Seuls les cailloux ignorent la peur.


Pascale Roze


La meute de loups était restée en alerte jusqu'à que L'ombre remue dans son sommeil. Toujours coincée entre les bras du chef de meute, la femme sans âge ouvrit les yeux avec toutes les peines du monde. Ce qu'elle aperçut au-dessus de ces cils encore collés lui tordit les tripes. Adrian n'avait jamais au grand jamais eu le visage aussi défiguré d'inquiétude. Lui qui considérait que la seule mort valable était celle sur-le-champ de bataille et qui n'enterait jamais les corps, encore moins ceux partit des suites d'une grave blessure. Lui, qui ne souriait jamais, qui ne laissait jamais rien transparaître était ravagé d'angoisse. Cela se voyait. Cela lui fit atrocement mal.

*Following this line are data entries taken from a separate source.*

Lemma rpow0_lt x y t : 0 < t -> 0 <= x < y -> rpow0 x t < rpow0 y t.
Proof.
  intros. destruct (Req_dec x 0). { subst; rewrite rpow0_0 by lra; apply rpow0_gt0; lra. }
  rewrite !rpow0_pos by lra. apply Rlt_Rpower_l; lra.
Qed.

Lemma rpow0_lprod {A} (f : A -> R) l t : (forall x, In x l -> 0 <= f x) ->
  rpow0 (lprod (map f l)) t = lprod (map (fun x => rpow0 (f x) t) l).
Proof.
  induction l as [|a l IH]; intros H; [apply rpow0_1|].
  change (rpow0 (f a * lprod (map f l)) t = rpow0 (f a) t * lprod (map (fun x => rpow0 (f x) t) l)).
  rewrite rpow0_mult, IH; auto.
  - intros; apply H; right; auto.
  - apply H; left; auto.
  - apply lprod_nonneg; intros; apply H; right; auto.
Qed.

Lemma rpow0_pow x n t : 0 <= x -> rpow0 (x ^ n) t = rpow0 x t ^ n.
Proof.
  intros Hx; induction n as [|n IH]; [apply rpow0_1|].
  cbn [pow]. rewrite rpow0_mult, IH; auto. apply pow_le; auto.
Qed.

Lemma Un_cv_le u l X : Un_cv u l -> (forall n, u n <= X) -> l <= X.
Proof.
  intros Hc Hb. destruct (Rle_dec l X) as [|Hn]; auto. exfalso.
  destruct (Hc (l - X)) as [N HN]; [lra|]. specialize (HN N (le_n _)). specialize (Hb N).
  unfold R_dist in HN. apply Rabs_def2 in HN. lra.
Qed.

Lemma Un_cv_pow u l b : Un_cv u l -> Un_cv (fun n => u n ^ b) (l ^ b).
Proof.
  intros H; induction b as [|b IH]; cbn [pow].
  - intros e He; exists 0%nat; intros; unfold R_dist; rewrite Rminus_diag, Rabs_R0; auto.
  - apply CV_mult; auto.
Qed.

Lemma pow_anti x m n : 0 <= x <= 1 -> (m <= n)%nat -> x ^ n <= x ^ m.
Proof.
  intros Hx Hmn. replace n with (m + (n - m))%nat by lia. rewrite pow_add.
  pose proof (pow_le x m (proj1 Hx)). pose proof (pow_le x (n - m) (proj1 Hx)).
  assert (x ^ (n - m) <= 1) by (rewrite <- (pow1 (n - m)); apply pow_incr; lra). nra.
Qed.

Lemma ln_le x y : 0 < x -> x <= y -> ln x <= ln y.
Proof. intros. destruct (Req_dec x y); [subst; lra|]. left; apply ln_increasing; lra. Qed.

Lemma ln_lt_0 x : 0 < x < 1 -> ln x < 0.
Proof. intros. rewrite <- ln_1. apply ln_increasing; lra. Qed.
(* Let $K$ be a field of characteristic $0$, let $E$ be the infinite-dimensional unitary Grassmann algebra over $K$ with even part $E_0$, let $A=\begin{pmatrix} E_0 & E\\ 0 & E\end{pmatrix}$, and let $F_n(A)=K\langle x_1,\dots,x_n\rangle/(K\langle x_1,\dots,x_n\rangle\cap T(A))$. Let $n\geq 2$ be even and $m\geq n+2$. Then the polynomial \[f_{m,n}^{(2)}=[x_2,x_1,\dots,x_1][x_1,x_2][x_3,x_4]\cdots[x_{n-1},x_n],\] where the first factor is the left-normed commutator of length $m-n$ consisting of $x_2$ followed by $m-n-1$ copies of $x_1$, is not a polynomial identity of $F_n(A)$.
   Context: All algebras are associative and unitary over $K$; $T(A)$ is the ideal of polynomial identities of $A$. $E$ is generated by anticommuting $e_1,e_2,\dots$ and $E_0$ is the span of basis products of even length. Commutators: $[a,b]=ab-ba$, $[a_1,\dots,a_k]=[[a_1,\dots,a_{k-1}],a_k]$. The polynomial has total degree $m$. *)

From HB Require Import structures.
From mathcomp Require Import all_boot all_order all_algebra.
Set Implicit Arguments. Unset Strict Implicit. Unset Printing Implicit Defensive.
Import Order.TTheory GRing.Theory Num.Theory.
Local Open Scope ring_scope.

Section Defs.
Variable K : fieldType.

(** Two terms denote the same polynomial iff they agree under every
    evaluation in every associative unitary K-algebra; we only ever use
    terms through evaluation in A, which is all T(A) depends on. *)
Inductive term : Type :=
  | Var of nat
  | Cst of K
  | Add of term & term
  | Mul of term & term.
(* Fix an integer $k\ge 3$, and let $N$ range over positive integers divisible by $\mathrm{lcm}\{2,k\}$. Let $\alpha$ be a random permutation uniformly distributed on the conjugacy class $[2^{N/2}]$ of the symmetric group $S_N$, and let $\beta$ be a fixed permutation in the conjugacy class $[k^{N/k}]$. Then, as $N\to\infty$, $$\Pr[C_{\alpha\beta}\ge t] = O\left(\left(\tfrac{2}{3}\right)^{t/2} N\right),$$ with the implied constant independent of $N$ and $t$.
   Context: For a permutation $\pi$ of $\{1,\ldots,N\}$, $C_\pi$ denotes the number of cycles of $\pi$. The conjugacy class $[2^{N/2}]$ consists of the permutations of $\{1,\ldots,N\}$ all of whose cycles have length $2$; $[k^{N/k}]$ consists of the permutations all of whose cycles have length $k$. The product $\alpha\beta$ denotes the permutation obtained by first performing $\alpha$ and then $\beta$. *)

From mathcomp Require Import all_boot all_order all_algebra all_fingroup.
Set Implicit Arguments. Unset Strict Implicit. Unset Printing Implicit Defensive.
Import Order.TTheory GRing.Theory Num.Theory.

(* s lies in the conjugacy class [m^{N/m}] of S_N: every cycle of s
   (= every orbit of <s> on {0,..,N-1}) has length exactly m. *)
Definition all_cycles_length (N m : nat) (s : {perm 'I_N}) : bool :=
  [forall x : 'I_N, #|porbit s x| == m].

Definition ncycles (N : nat) (s : {perm 'I_N}) : nat := #|porbits s|.

Definition unif_prob (R : numFieldType) (T : finType) (A : {set T}) (E : pred T) : R :=
  (#|[set x in A | E x]|%:R / #|A|%:R)%R.

(* Fix y with y^4 = 3/2 and, for s fixing every point outside V, let Z_V(s) be
   the sum of y^(2 C(a s)) over the fixed-point-free involutions a of V.  If a
   pairs v with u then a = a' (u v), and a' (u v) s has e fewer cycles than
   a' s', where s' is (u v) s with u and v cut out of their cycles and e <= 2
   counts the cuts that split a cycle.  The cuts create at most 2e - 2 new
   fixed points, or 2e + 2 when u is one of the four points at distance at most
   2 from v on the cycle of s.  Summing over u, induction on |V| gives
   Z_V(s) <= (|V| - 1)!! (|V| + 1) y^(f(s) + |~V|), with f(s) the number of
   fixed points of s.  For V the whole set and beta without fixed points, the
   mean of (3/2)^(C(a beta)/2) is thus at most N + 1, and Markov's inequality
   concludes. *)

From mathcomp Require Import all_boot all_order all_algebra all_fingroup.
From mathcomp Require Import zify ring lra.
Set Implicit Arguments. Unset Strict Implicit. Unset Printing Implicit Defensive.
Import Order.TTheory GRing.Theory Num.Theory.

Fixpoint npairings n := if n is m.+2 then m.+1 * npairings m else (n == 0 : nat).

Lemma npairings_rec n : 0 < n -> npairings n = n.-1 * npairings (n - 2).
Proof. by case: n => [|[|n]] //; rewrite subn2. Qed.

Section FixedPointFreeInvolutions.
Variable T : finType.
Implicit Types (V : {set T}) (a b : {perm T}) (u v z : T).

Definition fpf_involutions V : {set {perm T}} :=
  [set a : {perm T} | (a * a == 1)%g & [set z | a z == z] == ~: V].

Lemma fpf_involutionsP V a :
  reflect ((forall z, a (a z) = z) /\ (forall z, (a z == z) = (z \notin V)))
          (a \in fpf_involutions V).
Proof.
rewrite inE; apply: (iffP andP) => [[/eqP aa /eqP fixV]|[aa fixV]]; split.
- by move=> z; rewrite -permM aa perm1.
- by move=> z; rewrite -in_setC -fixV inE.
- by apply/eqP/permP => z; rewrite permM aa perm1.
- by apply/eqP/setP => z; rewrite !inE fixV.
Qed.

À l'instant où le chef de meute comprit que son délicat fardeau se réveillait lentement, son visage se figea de nouveau. Il redevint lui-même en une fraction de seconde. Ce roi au visage balafré et à la couronne fissurée reprit de sa superbe sans se douter qu'elle l'avait réellement vue.

- Loup. Tous les loups restants formèrent un cercle autour d'eux.

Quand ils sortirent de l'eau plusieurs minutes plus tard, l'étau de protection se resserra encore plus autour d'elle.

C'est ainsi et dans le plus grand des silences qu'ils prirent le chemin de leur Monastère en mesurant chaque pas et en étant attentifs au moindre bruit.

Pas après pas, L'ombre reprenait vie. Son corps en entier lui faisait mal, son esprit ne cessait de jouer la violente attaque qu'elle avait subie et surtout dans un recoin de son crane des sombres pâtes cavalaient toujours a tout rompre.

- L'monstre, cracha avec peine la femme sans âge qui s'évertuait à utiliser ses cordes vocales abimées.

- Mort.

- Steeve ?

- Monastère. Chez eux, répondit le chef de meute en anticipant la prochaine question. Je ne sais pas, conclut le vieux loup qui semblait encore plus âgé d'un coup.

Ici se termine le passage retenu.